Она поправила перед зеркалом пышные волосы и вошла, как балерина, на цыпочках, в спальню, где лежал он.
В этой комнате было много места и света. Единственное окно выходило на запад, и лучи заходящего солнца багряно-красными полосами ложились на пол и на белую простыню, под которой вытянул ноги Джон. Мужики теснились у стены. Женщина прошла к окну, и сноп вечернего луча преломился через ее стрекозиные крылья, отчего все вокруг стало золотисто-зеленым. Глаза женщины, точно такого же цвета, заструили магический свет, и Джон узнал у стены погибших товарищей, и самого угрюмого из них — весельчака Никиту Соловья, убитого пулей, предназначенной Джону: он тащил раненого Никиту на спине. После войны у Джона уже не было ближе друзей: нужный всем, он оставался одинок.
Женщина с крыльями не торопилась. Джон закрыл и открыл глаза: друзей у стены не оказалось. Взгляд его стал скорым и пронзительным, гримаса сковала губы, до этого безвольно сложенные копытцем. Женщина поймала этот взгляд, и смутное беспокойство овладело ею. Джон дышал ровно и продолжал смотреть на пришелицу с презрением, хотя понимал, что она очень красива. И тогда он увидел, что женщина заплакала. Слезинки катились по ее бледному лицу, как ягодки белой смородины. Ему стало жалко ее. Он погладил пушистые волосы. Жена тут же подоспела и скорее попросила, чем приказала:
— Уходите же!
Пришедшая нежно засмеялась и в упор поглядела на Джона — глаза в глаза: его взгляд начал тут же меркнуть, стекленеть, и он умер, но вдруг губы сами собой разжались и произнесли всего одно слово, которое в жизни ему не довелось произнести ни разу: «Прекрасная».

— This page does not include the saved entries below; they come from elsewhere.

(* There is an absolute constant $K>0$ such that the following holds. Let $\mathcal U$ be a finite set, $V'\subseteq\mathbb{R}^{\mathcal U}$ a linear subspace with orthogonal projector $\Pi_{V'}$, and $c>0$ such that there is a polynomial $S$ in the variables $(f(u))_{u\in\mathcal U}$ which is a sum of squares of polynomials, of degree at most $4$, with the polynomial identity $\|\Pi_{V'}f\|_4^4=c^4\|\Pi_{V'}f\|_2^4-S(f)$. Let $f_0\in\mathbb{R}^{\mathcal U}$ be orthogonal to $V'$ with $\|f_0\|_2=1$ and $\|f_0\|_4=C>100c$, and let $V=\mathrm{span}(V'\cup\{f_0\})$. Let $\tilde{\mathbb{E}}$ be a level-$\ell$ pseudoexpectation, $\ell\ge8$, over the variables $(f(u))_{u\in\mathcal U}$ such that: $\tilde{\mathbb{E}}[L(f)Q(f)]=0$ for every linear form $L$ vanishing on $V$ and every polynomial $Q$ of degree at most $\ell-1$; $\tilde{\mathbb{E}}[(\|f\|_2^2-1)Q(f)]=0$ for every polynomial $Q$ of degree at most $\ell-2$; and $\tilde{\mathbb{E}}\|f\|_4^4\ge C^4$. Then $\tilde{\mathbb{E}}\langle f,f_0\rangle^2\ge1-Kc/C$. (In particular this holds when $\tilde{\mathbb{E}}$ is the expectation of a probability distribution over unit-norm $f\in V$ with $\|f\|_4\ge C$.)
   Context: Norms and inner products on $\mathbb{R}^{\mathcal U}$ use the uniform (expectation) measure: $\langle g,h\rangle=\mathbb{E}_{u}g(u)h(u)$, $\|g\|_p=(\mathbb{E}_u|g(u)|^p)^{1/p}$. A level-$\ell$ pseudoexpectation is a linear functional $\tilde{\mathbb{E}}$ on real polynomials of degree at most $\ell$ in the given variables such that $\tilde{\mathbb{E}}1=1$ and $\tilde{\mathbb{E}}P^2\ge0$ for every polynomial $P$ of degree at most $\ell/2$. *)

From HB Require Import structures.
From mathcomp Require Import all_boot all_order all_algebra.
Set Implicit Arguments. Unset Strict Implicit. Unset Printing Implicit Defensive.
Import Order.TTheory GRing.Theory Num.Theory.
Local Open Scope ring_scope.

Definition Ex (R : rcfType) (U : finType) (g : U -> R) : R :=
  (\sum_u g u) / (#|U|%:R).

Definition inner (R : rcfType) (U : finType) (g h : U -> R) : R :=
  Ex (fun u => g u * h u).

Definition norm2sq (R : rcfType) (U : finType) (g : U -> R) : R :=
  Ex (fun u => g u ^+ 2).
Definition norm4_4 (R : rcfType) (U : finType) (g : U -> R) : R :=
  Ex (fun u => g u ^+ 4).

Definition mono_deg (U : finType) (d : nat) (m : {ffun U -> 'I_d.+1}) : nat :=
  (\sum_u (m u : nat))%N.

Definition is_poly (R : rcfType) (U : finType) (d : nat)
    (P : (U -> R) -> R) : Prop :=
  exists a : {ffun U -> 'I_d.+1} -> R,
    forall x : U -> R,
      P x = \sum_(m : {ffun U -> 'I_d.+1} | (mono_deg m <= d)%N)
              a m * \prod_u x u ^+ (m u : nat).

Definition pseudoexp (R : rcfType) (U : finType) (l : nat)
    (E : ((U -> R) -> R) -> R) : Prop :=
  [/\ (forall (P Q : (U -> R) -> R) (a : R),
         is_poly l P -> is_poly l Q ->
         E (fun x => a * P x + Q x) = a * E P + E Q),
      E (fun _ => 1) = 1
    & (forall P : (U -> R) -> R, is_poly l./2 P ->
         0 <= E (fun x => P x ^+ 2))].

Definition is_subspace (R : rcfType) (U : finType) (W : (U -> R) -> Prop) : Prop :=
  W (fun _ => 0) /\
  (forall (a : R) (v w : U -> R), W v -> W w -> W (fun u => a * v u + w u)).

Definition is_orth_proj (R : rcfType) (U : finType) (W : (U -> R) -> Prop)
    (Pi : (U -> R) -> (U -> R)) : Prop :=
  forall g : U -> R, W (Pi g) /\
    (forall v, W v -> inner (fun u => g u - Pi g u) v = 0).

Definition is_sos (R : rcfType) (U : finType) (S : (U -> R) -> R) : Prop :=
  exists (k : nat) (q : 'I_k -> (U -> R) -> R),
    (forall i, exists d, is_poly d (q i)) /\
    (forall x, S x = \sum_(i < k) q i x ^+ 2).

(* Write x = projV x + residual, projV x = Pi x + alpha x * f0 with
   alpha x = <x, f0>; the residual coordinates are linear forms vanishing
   on V, hence annihilated by the pseudoexpectation E.  Then
   - E |x|_4^4 = E |projV x|_4^4 and |projV x|_2^2 = |Pi x|_2^2 + alpha x^2;
   - E alpha^4 <= E alpha^2 and E |Pi x|_2^4 <= 1 (unit-norm constraint);
   - E |Pi x|_4^4 <= c^4, because the SOS certificate S has pseudoexpectation
     >= 0: a degree-4 sum of squares only involves squares of quadratics;
   - quartic convexity with weights th, 1 - th, certified by an explicit sum
     of squares, gives E |projV x|_4^4 <= C^4/th^3 E alpha^4 + c^4/(1-th)^3.
   With th = 1 - c/C this yields E alpha^2 >= (1 - c/C)^4 >= 1 - 4 c/C. *)
From mathcomp Require Import all_boot all_order all_algebra.
From mathcomp Require Import ring lra zify.
From Stdlib Require Import FunctionalExtensionality.
Set Implicit Arguments. Unset Strict Implicit. Unset Printing Implicit Defensive.
Import Order.TTheory GRing.Theory Num.Theory.
Local Open Scope ring_scope.

Section PolynomialFunctions.
Variables (R : rcfType) (U : finType).
Implicit Types (P Q F G : (U -> R) -> R) (x : U -> R) (d : nat).

Definition monomial (e : U -> nat) x : R := \prod_u x u ^+ e u.

Lemma is_poly_ext d P Q : (forall x, P x = Q x) -> is_poly d P -> is_poly d Q.
Proof. by move=> PQ [a Ha]; exists a => x; rewrite -PQ. Qed.

Lemma is_poly0 d : is_poly d (fun _ : U -> R => 0).
Proof. by exists (fun _ => 0) => x; rewrite big1 // => m _; rewrite mul0r. Qed.

Lemma is_polyL d a P Q : is_poly d P -> is_poly d Q ->
  is_poly d (fun x => a * P x + Q x).
Proof.
move=> [p Hp] [q Hq]; exists (fun m => a * p m + q m) => x.
rewrite Hp Hq mulr_sumr -big_split /=; apply: eq_bigr => m _.
by rewrite mulrDl mulrA.
Qed.
(* Let $\bar x\in\Phi$ be a local second-order weak sharp minimizer of problem (P) with corresponding constants $\kappa>0$ and $\delta>0$. Then for any $\varepsilon\in[0,1/2)$, every $x\in S\cap B_\delta(\bar x)$, every $d\in C(x)\cap N^{P,\varepsilon}_S(x)$, and every $\lambda\in\mathbb{R}^m$ with $\nabla_x L(x,\lambda)=0$, one has (i) $\sigma_{\nabla g(x)(T''_\Phi(x;d))}(\lambda)\le 0$; (ii) $\nabla^2_{xx}L(x,\lambda)(d,d)-\sigma_{\nabla g(x)(T^2_\Phi(x;d))+\nabla^2 g(x)(d,d)}(\lambda)\ge 2\kappa(1-2\varepsilon)^2\|d\|^2$.
   Context: Standing setting: $f:\mathbb{R}^n\to\mathbb{R}$ and $g:\mathbb{R}^n\to\mathbb{R}^m$ are twice continuously differentiable, $K\subset\mathbb{R}^m$ is closed, and (P) is the problem $\min f(x)$ s.t. $g(x)\in K$. $\Phi:=\{x\in\mathbb{R}^n: g(x)\in K\}$ is the feasible set and $S$ is the (nonempty) set of optimal solutions of (P). $L(x,\lambda):=f(x)+\langle g(x),\lambda\rangle$. $B_\delta(x)$ is the ball of radius $\delta$ centered at $x$. A point $\bar x\in\Phi$ is a local second-order weak sharp minimizer of (P) with constants $\kappa,\delta>0$ if $f(x)\ge f(\bar x)+\kappa[\mathrm{dist}(x,S)]^2$ for all $x\in\Phi\cap B_\delta(\bar x)$. For a closed set $A$ and $\bar x\in A$: the tangent cone is $T_A(\bar x):=\{d:\exists t_k\downarrow0,d_k\to d,\ \bar x+t_kd_k\in A\}$; the outer second-order tangent set in direction $d\in T_A(\bar x)$ is $T^2_A(\bar x;d):=\{w:\exists t_k\downarrow0,w_k\to w,\ \bar x+t_kd+\tfrac12t_k^2w_k\in A\}$; the asymptotic second-order tangent cone is $T''_A(\bar x;d):=\{w:\exists (t_k,r_k)\downarrow(0,0)\text{ with } t_k/r_k\to0,\ w_k\to w,\ \bar x+t_kd+\tfrac12t_kr_kw_k\in A\}$. The critical cone at a feasible $x$ is $C(x):=\{d:\nabla g(x)d\in T_K(g(x)),\ \nabla f(x)d\le0\}$. The proximal normal cone is $N^P_A(\bar x):=\{v:\exists\tau>0 \text{ such that } \bar x \text{ is a nearest point of } A \text{ to } \bar x+\tau v\}$, and for $\varepsilon\ge0$ the $\varepsilon$-proximal normal cone is $N^{P,\varepsilon}_A(\bar x):=\{v:\mathrm{dist}(v,N^P_A(\bar x))\le\varepsilon\|v\|\}$. $\sigma_A(\lambda):=\sup_{u\in A}\langle\lambda,u\rangle$ (equal to $-\infty$ if $A=\emptyset$). $\nabla g(x)\in\mathbb{R}^{m\times n}$ is the Jacobian, $\nabla^2g(x)(d,d):=(d^T\nabla^2g_1(x)d,\dots,d^T\nabla^2g_m(x)d)$, and for a set $A\subset\mathbb{R}^n$, $\nabla g(x)(A):=\{\nabla g(x)u:u\in A\}$. *)

From HB Require Import structures.
From mathcomp Require Import all_boot all_order all_algebra.
From mathcomp Require Import all_classical all_reals all_analysis.
Set Implicit Arguments. Unset Strict Implicit. Unset Printing Implicit Defensive.
Import Order.TTheory GRing.Theory Num.Theory.
Import numFieldNormedType.Exports.
Local Open Scope classical_set_scope.
Local Open Scope ring_scope.

Section Defs.
Variable R : realType.

Definition dotv (n : nat) (u v : 'cV[R]_n) : R := \sum_(i < n) u i 0 * v i 0.
Definition enorm (n : nat) (u : 'cV[R]_n) : R := Num.sqrt (dotv u u).

Definition dist (n : nat) (x : 'cV[R]_n) (A : set 'cV[R]_n) : R :=
  inf [set enorm (x - a) | a in A].

Definition Eball (n : nat) (x : 'cV[R]_n) (delta : R) : set 'cV[R]_n :=
  [set y | enorm (y - x) < delta].

Definition vcvg (n : nat) (u : nat -> 'cV[R]_n) (l : 'cV[R]_n) : Prop :=
  forall e : R, 0 < e -> exists N : nat, forall k, (N <= k)%N -> enorm (u k - l) < e.

Definition rcvg0 (t : nat -> R) : Prop :=
  forall e : R, 0 < e -> exists N : nat, forall k, (N <= k)%N -> `|t k| < e.

(* t_k "decreases" to 0: positive terms converging to 0 *)
Definition pos_to0 (t : nat -> R) : Prop := (forall k, 0 < t k) /\ rcvg0 t.

Definition quad (n : nat) (H : 'M[R]_n) (d : 'cV[R]_n) : R := (d^T *m H *m d) 0 0.

Definition C2_with (n : nat) (F : 'cV[R]_n -> R) (gF : 'cV[R]_n -> 'cV[R]_n)
    (hF : 'cV[R]_n -> 'M[R]_n) : Prop :=
  [/\ (forall x e, 0 < e -> exists2 r, 0 < r & forall y, enorm (y - x) < r ->
          `|F y - F x - dotv (gF x) (y - x)| <= e * enorm (y - x)),
      (forall x e, 0 < e -> exists2 r, 0 < r & forall y, enorm (y - x) < r ->
          enorm (gF y - gF x - hF x *m (y - x)) <= e * enorm (y - x)) &
      (forall x e, 0 < e -> exists2 r, 0 < r & forall y, enorm (y - x) < r ->
          forall i j, `|hF y i j - hF x i j| < e)].

Definition tangent_cone (n : nat) (A : set 'cV[R]_n) (x : 'cV[R]_n) : set 'cV[R]_n :=
  [set d | exists (t : nat -> R) (dk : nat -> 'cV[R]_n),
     [/\ pos_to0 t, vcvg dk d & forall k, A (x + t k *: dk k)]].

Definition tangent2 (n : nat) (A : set 'cV[R]_n) (x d : 'cV[R]_n) : set 'cV[R]_n :=
  [set w | exists (t : nat -> R) (wk : nat -> 'cV[R]_n),
     [/\ pos_to0 t, vcvg wk w &
         forall k, A (x + t k *: d + (2^-1 * t k ^+ 2) *: wk k)]].

Definition tangent2_asym (n : nat) (A : set 'cV[R]_n) (x d : 'cV[R]_n) : set 'cV[R]_n :=
  [set w | exists (t r : nat -> R) (wk : nat -> 'cV[R]_n),
     [/\ pos_to0 t, pos_to0 r, rcvg0 (fun k => t k / r k), vcvg wk w &
         forall k, A (x + t k *: d + (2^-1 * t k * r k) *: wk k)]].

Definition prox_normal (n : nat) (A : set 'cV[R]_n) (x : 'cV[R]_n) : set 'cV[R]_n :=
  [set v | exists2 tau : R, 0 < tau &
     forall a, A a -> enorm (x + tau *: v - x) <= enorm (x + tau *: v - a)].

Definition eps_prox_normal (n : nat) (eps : R) (A : set 'cV[R]_n) (x : 'cV[R]_n)
    : set 'cV[R]_n :=
  [set v | dist v (prox_normal A x) <= eps * enorm v].

(* support function sigma_A(lambda) = sup_{u in A} <lambda, u>  (= -oo if A empty) *)
Definition support_fun (m : nat) (A : set 'cV[R]_m) (lam : 'cV[R]_m) : \bar R :=
  ereal_sup [set (dotv lam u)%:E | u in A].

End Defs.

(* Both parts come from a second-order expansion of f along the curves that
   define the tangent sets.  If y_k = x + t_k d + s_k w_k with w_k -> w,
   t_k -> 0, s_k > 0, s_k -> 0 and t_k^2 / s_k -> c, then
     (f y_k - f x - t_k <grad f x, d>) / s_k  -->  <grad f x, w> + c/2 <d, Hf d>.
   For T''_Phi(x;d) one has c = 0, and minimality of x on Phi gives
   <grad f x, w> >= 0.  For T^2_Phi(x;d) one has c = 2, and the weak sharp
   minimum bounds the quotient below by 2 kappa (dist(y_k, S) / t_k)^2; since d
   lies within eps |d| of a proximal normal v, dist(y_k, S) >= t_k |v| - o(t_k)
   >= t_k (1 - 2 eps) |d| - o(t_k).  At a KKT multiplier, <lam, Jg x w> =
   -<grad f x, w>, which turns both bounds into the support-function
   inequalities; the constraint data enter only through Phi. *)
From HB Require Import structures.
From mathcomp Require Import all_boot all_order all_algebra.
From mathcomp Require Import all_classical all_reals all_analysis.
From mathcomp Require Import ring lra.
Import Order.TTheory GRing.Theory Num.Theory.
Import numFieldNormedType.Exports.
Local Open Scope classical_set_scope.
Local Open Scope ring_scope.

Set Implicit Arguments. Unset Strict Implicit. Unset Printing Implicit Defensive.

Section Euclidean.
Variables (R : realType) (n : nat).
Implicit Types (u v w : 'cV[R]_n) (H : 'M[R]_n).

Lemma dotvE u v : dotv u v = (u^T *m v) 0 0.
Proof. by rewrite mxE; apply: eq_bigr => i _; rewrite mxE. Qed.

Lemma dotvC u v : dotv u v = dotv v u.
Proof. by apply: eq_bigr => i _; rewrite mulrC. Qed.

Lemma dotvDr u v w : dotv u (v + w) = dotv u v + dotv u w.
Proof. by rewrite /dotv -big_split; apply: eq_bigr => i _; rewrite mxE mulrDr. Qed.

Lemma dotvZr a u v : dotv u (a *: v) = a * dotv u v.
Proof. by rewrite /dotv mulr_sumr; apply: eq_bigr => i _; rewrite mxE mulrCA. Qed.

Lemma dotvDl u v w : dotv (u + v) w = dotv u w + dotv v w.
Proof. by rewrite dotvC dotvDr !(dotvC w). Qed.

Lemma dotvZl a u v : dotv (a *: u) v = a * dotv u v.
Proof. by rewrite dotvC dotvZr dotvC. Qed.

Lemma dotvBr u v w : dotv u (v - w) = dotv u v - dotv u w.
Proof. by rewrite -scaleN1r dotvDr dotvZr mulN1r. Qed.

Lemma dotvBl u v w : dotv (u - v) w = dotv u w - dotv v w.
Proof. by rewrite dotvC dotvBr !(dotvC w). Qed.

Lemma dotv_ge0 u : 0 <= dotv u u.
Proof. by apply: sumr_ge0 => i _; rewrite -expr2 sqr_ge0. Qed.

Lemma dotv_eq0 u : dotv u u = 0 -> u = 0.
Proof.
move/eqP; rewrite psumr_eq0 => [/allP u0|i _]; last by rewrite -expr2 sqr_ge0.
apply/matrixP => i j; rewrite (ord1 j) mxE.
by have /implyP/(_ isT) := u0 i (mem_index_enum i); rewrite mulf_eq0 orbb => /eqP.
Qed.

Lemma dotv0r u : dotv u 0 = 0.
Proof. by rewrite -(scale0r 0) dotvZr mul0r. Qed.

Lemma Cauchy_Schwarz u v : dotv u v ^+ 2 <= dotv u u * dotv v v.
Proof.
have [/dotv_eq0 ->|vv0] := eqVneq (dotv v v) 0; first by rewrite dotv0r expr0n /= dotv0r mulr0.
have vv : 0 < dotv v v by rewrite lt_def vv0 dotv_ge0.
have := dotv_ge0 (dotv v v *: u - dotv u v *: v).
rewrite !(dotvBl, dotvBr, dotvZl, dotvZr) (dotvC v u) => h.
have : 0 <= dotv v v * (dotv u u * dotv v v - dotv u v ^+ 2) by nra.
by rewrite pmulr_rge0 // subr_ge0.
Qed.
(* Let $X$ be a countably infinite set and let $M_{2^{\aleph_0}}$ be the lattice consisting of an antichain of cardinality $2^{\aleph_0}$ together with a smallest and a largest element. Then there exists an injective order-preserving map $M_{2^{\aleph_0}}\to\mathrm{Cl}_{loc}(X)$ which preserves (binary) joins, and there exists an injective order-preserving map $M_{2^{\aleph_0}}\to\mathrm{Cl}_{loc}(X)$ which preserves (binary) meets.
   Context: A clone on $X$ is a set of finitary operations $X^n\to X$ ($n\ge1$) containing all projections $\pi^n_k(x_1,\dots,x_n)=x_k$ and closed under composition. Giving $X$ the discrete topology and $X^{X^n}$ the product topology, a clone is local if for each $n$ its set of $n$-ary operations is closed in $X^{X^n}$; equivalently, an $n$-ary operation $g$ belongs to the clone whenever for every finite $B\subseteq X^n$ some $n$-ary operation of the clone agrees with $g$ on $B$. $\mathrm{Cl}_{loc}(X)$ is the complete lattice of local clones on $X$ ordered by inclusion (meet is intersection, join is the smallest local clone containing the union). *)

From mathcomp Require Import all_boot.
From Stdlib Require List.
Set Implicit Arguments. Unset Strict Implicit. Unset Printing Implicit Defensive.

(** An (n+1)-ary operation on X : X^(n+1) -> X (arities are >= 1). *)
Definition op (X : Type) (n : nat) := ('I_n.+1 -> X) -> X.

Definition opset (X : Type) := forall n : nat, op X n -> Prop.

Definition opset_sub X (C D : opset X) : Prop := forall n f, C n f -> D n f.
Definition opset_eq X (C D : opset X) : Prop := forall n f, C n f <-> D n f.

Definition is_clone X (C : opset X) : Prop :=
  (forall n (k : 'I_n.+1), C n (fun x => x k)) /\
  (forall n m (f : op X n) (gs : 'I_n.+1 -> op X m),
      C n f -> (forall i, C m (gs i)) -> C m (fun x => f (fun i => gs i x))).

Definition is_local X (C : opset X) : Prop :=
  forall n (g : op X n),
    (forall B : seq ('I_n.+1 -> X),
        exists f, C n f /\ forall t, List.In t B -> f t = g t) ->
    C n g.

Definition local_clone X (C : opset X) : Prop := is_clone C /\ is_local C.

Definition loc_meet X (C D : opset X) : opset X := fun n f => C n f /\ D n f.
Definition loc_join X (C D : opset X) : opset X :=
  fun n f => forall E : opset X, local_clone E ->
    opset_sub C E -> opset_sub D E -> E n f.

(** The lattice M_{2^aleph0}: antichain indexed by nat -> bool (cardinality
    2^aleph0) with bottom and top. *)
Inductive Mc : Type := Mbot | Mtop | Matom of (nat -> bool).

Definition Mle (a b : Mc) : Prop := a = Mbot \/ b = Mtop \/ a = b.

Definition Mlub (a b c : Mc) : Prop :=
  Mle a c /\ Mle b c /\ forall d, Mle a d -> Mle b d -> Mle c d.
Definition Mglb (a b c : Mc) : Prop :=
  Mle c a /\ Mle c b /\ forall d, Mle d a -> Mle d b -> Mle d c.

Definition countably_infinite (X : Type) : Prop :=
  exists e : nat -> X, bijective e.

From mathcomp Require Import all_boot.
From Stdlib Require List.
From Stdlib Require Import Classical FunctionalExtensionality.

Set Implicit Arguments. Unset Strict Implicit. Unset Printing Implicit Defensive.

(* Every s : nat -> bool is coded by a subset S_s of X (through a bijection with
   nat), and the atom s of M is sent to a local clone built from S_s.
   For joins, the atom s goes to Pol S_s, the bottom to the conservative
   operations and the top to all operations.  If a lies in S_s but not in S_t,
   every operation h is obtained by plugging the constant a (which preserves
   S_s) into the last argument of the operation that returns a fixed point of
   S_t when its last argument lies in S_t and applies h to the other arguments
   otherwise (which preserves S_t); so distinct atoms join to the top.
   For meets, the atom s goes to the clone generated by the idempotent map
   collapsing S_s onto a point, the bottom to the projections.  An operation in
   two such clones is a projection possibly followed by the collapse map, and
   the two collapse maps differ at some point; so distinct atoms meet in the
   bottom.  The clones are told apart by constant operations resp. by the
   collapse maps themselves. *)

Lemma exists_neq_app (A B : Type) (f h : A -> B) : f <> h -> exists x, f x <> h x.
Proof.
move=> fh; apply: not_all_ex_not => fhx; apply: fh.
exact: functional_extensionality.
Qed.

Section Clones.
Variable X : Type.
Implicit Types (A B : X -> bool) (E : opset X).

(* Otherwise the arity [n] of [pol A n f] etc. would become implicit. *)
Unset Implicit Arguments.
Definition all_ops : opset X := fun _ _ => True.
Definition pol A : opset X := fun n f => forall t, (forall i, A (t i)) -> A (f t).
Definition conservative_ops : opset X := fun n f => forall t, exists i, f t = t i.
Definition unary_ops (J : finType) (v : J -> X -> X) : opset X :=
  fun n f => exists k i, forall t, f t = v i (t k).
Definition proj_ops : opset X := unary_ops unit (fun _ => id).
Definition idem_ops (u : X -> X) : opset X :=
  unary_ops bool (fun b => if b then u else id).
Set Implicit Arguments.

Lemma local_ext E n (f h : op X n) : is_local E -> E n f -> f =1 h -> E n h.
Proof. by move=> locE Ef fh; apply: locE => B; exists f; split=> // t _. Qed.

Так в памяти с этим словом и проснулся. Нет, по́том не прошибло, и сердце не лопнуло, а порядок мыслей нарушился. Он как будто с тех пор перестал спешить, как будто на одной ножке запрыгал, догоняя, вместо того чтобы мчаться на двоих. «Я покажу ей — прекрасную…»
И вдруг подумал о жене: «Я дам ей Долдона…» Но подумал с чувством уважения — как об учительнице. Сна пересказывать ей не стал. С некоторых печальных пор он не имел права на упоминание о женщинах, кроме как с точки зрения критикана. Он мог, к примеру, сказать о Доре-хлебовозке: «По-человечески никогда и на улицу-то не выйдет: двадцать раз из-за забора выглянет, пока ступить за ворота решится. Фукса и есть фукса. А все потому, что с хлебом в будке водку привозит и по ночам спекулирует… Фукса и есть». По-немецки он кое-какие слова еще помнил, хоть их в школе не проходил.
И все из-за учительницы. Дело прошлое. Звали ее Маргарита Ивановна.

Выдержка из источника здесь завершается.